Purification, structural characterization, cloning and immunocytochemical localization of chemoreception proteins from Schistocerca gregaria

Soluble low‐molecular‐mass protein isoforms were purified from chemosensory organs (antennae, tarsi and labrum) of the desert locust Schistocerca gregaria . Five genes encoding proteins of this group were amplified by PCR from cDNAs of tarsi and sequenced. Their expression products are polypeptide chains of 109 amino acids showing 40–50% sequence identity with putative olfactory proteins from Drosophila melanogaster and Cactoblastis cactorum . Direct structural investigation on isoforms purified from chemosensory organs revealed the presence in the expression products of two of the genes cloned. Two additional protein isoforms were detected and their molecular structure exhaustively characterized. MS analysis of all isoforms demonstrated that the four cysteine residues conserved in the polypeptide chain were involved in disulfide bridges (Cys29–Cys38 and Cys57–Cys60) and indicated the absence of any additional post‐translational modifications. Immunocytochemistry experiments, performed with rabbit antiserum raised against the protein isoform mixture, showed selective labelling of the outer lymph in contact sensilla of tarsi, maxillary palps and antennae.

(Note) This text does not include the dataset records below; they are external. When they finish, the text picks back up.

Lemma kendall_lift_perm (m : nat) (x : 'I_m.+1) (r : 'S_m) :
  kendall (lift_perm x ord0 r) 1 = (x + kendall r 1)%N.
Proof.
rewrite !kendall1E (bigD1_ord x) //= lift_perm_id big1 ?add0n; last first.
  by move=> b _; rewrite ltn0 andbF.
have ltn_bump2 (i j : nat) : (bump x i < bump x j)%N = (i < j)%N.
  by rewrite !ltnNge leq_bump2.
transitivity (\sum_(i < m) ((i < x) + \sum_(j < m) ((i < j) && (r j < r i))))%N.
  apply: eq_bigr => i _; rewrite (bigD1_ord x) //= lift_perm_id lift_perm_lift /=.
  congr (_ + _); first by rewrite andbT /bump; case: leqP; lia.
  by apply: eq_bigr => j _; rewrite lift_perm_lift /= ltn_bump2.
by rewrite big_split /= sum_ltn_ord (minn_idPl (ltn_ord x : (x <= m)%N)).
Qed.

Lemma top_s_below0 (m s : nat) (sigma : 'S_m) : top_s_below sigma s 0 = setT.
Proof. by apply/setP => q; rewrite !inE; apply/forallP => a; rewrite implybT. Qed.

Lemma lift_perm_top_s_below (m s tau : nat) (x : 'I_m.+1) (r : 'S_m) :
  (lift_perm x ord0 r \in top_s_below 1 s tau.+1) =
  (s <= x)%N && (r \in top_s_below 1 s tau).
Proof.
have bump_small (i : nat) : (i < s)%N -> (s <= x)%N -> bump x i = i.
  by move=> ltis sx; rewrite /bump leqNgt (leq_trans ltis sx).
rewrite !inE; apply/forallP/andP => [top | [sx /forallP top] a].
  have sx : (s <= x)%N.
    by have := top x; rewrite perm1 lift_perm_id ltn0 implybF -leqNgt.
  split=> //; apply/forallP => i; rewrite perm1; apply/implyP => ltis.
  by have := top (lift x i); rewrite perm1 lift_perm_lift /= bump_small // ltis ltnS.
rewrite perm1; case: (unliftP x a) => [i|] ->; last by rewrite ltnNge sx.
rewrite lift_perm_lift /= ltnS; apply/implyP => ltis.
have /implyP := top i; rewrite perm1; apply.
by apply: leq_ltn_trans ltis; rewrite /bump leq_addl.
Qed.

Lemma top_s_below_mul (m s tau : nat) (sigma q : 'S_m) :
  ((sigma * q)%g \in top_s_below sigma s tau) = (q \in top_s_below 1 s tau).
Proof.
rewrite !inE; apply/forallP/forallP => top i.
  by have := top ((sigma^-1)%g i); rewrite permM permKV perm1.
by rewrite permM; have := top (sigma i); rewrite perm1.
Qed.

Local Open Scope ring_scope.

Lemma lift_perm_onto (n : nat) (i j : 'I_n.+1) :
  {on [pred s : 'S_n.+1 | s i == j], bijective (lift_perm i j)}.
Proof.
pose restr h (s : 'S_n.+1) k := odflt k (unlift (s h) (s (lift h k))).
have restrK h (s : 'S_n.+1) k : lift (s h) (restr h s k) = s (lift h k).
  rewrite /restr; have := neq_lift h k.
  by rewrite -(can_eq (permK s)) => /unlift_some[] ? ? ->.
have inj_restr (s : 'S_n.+1) : injective (restr i s).
  apply: can_inj (restr (s i) s^-1%g) _ => k.
  by rewrite {1}/restr restrK !permK liftK.
exists (fun s => perm (inj_restr s)) => [s _ | s /eqP sij].
  by apply/permP => k; rewrite permE /restr lift_perm_lift lift_perm_id liftK.
apply/permP => k; case: (unliftP i k) => [k'|] ->; rewrite ?lift_perm_id //.
by rewrite lift_perm_lift -sij permE restrK.
Qed.

Lemma sum_perm_lift_perm (V : nmodType) (n : nat) (P : pred 'S_n.+1)
    (F : 'S_n.+1 -> V) :
  \sum_(q | P q) F q =
  \sum_(x : 'I_n.+1) \sum_(r : 'S_n | P (lift_perm x ord0 r)) F (lift_perm x ord0 r).
Proof.
rewrite (partition_big (fun q : 'S_n.+1 => (q^-1)%g ord0) xpredT) //=.
apply: eq_bigr => x _.
rewrite (reindex (lift_perm x ord0)) /=.
  by apply: eq_bigl => r; rewrite lift_permV lift_perm_id eqxx andbT.
apply: subon_bij (lift_perm_onto x ord0) => q; rewrite !inE => /andP[_ /eqP <-].
by rewrite permKV.
Qed.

Other types of sensilla were not labelled, nor were the cuticle and dendrites of the sensory cells. No binding of radioactively labelled glucose or bicarbonate was detected, in disagreement with the hypothesis that this class of proteins is involved in the CO 2 ‐sensing cascade. Our experimental data suggest that the proteins described here could be involved in contact chemoreception in Orthoptera.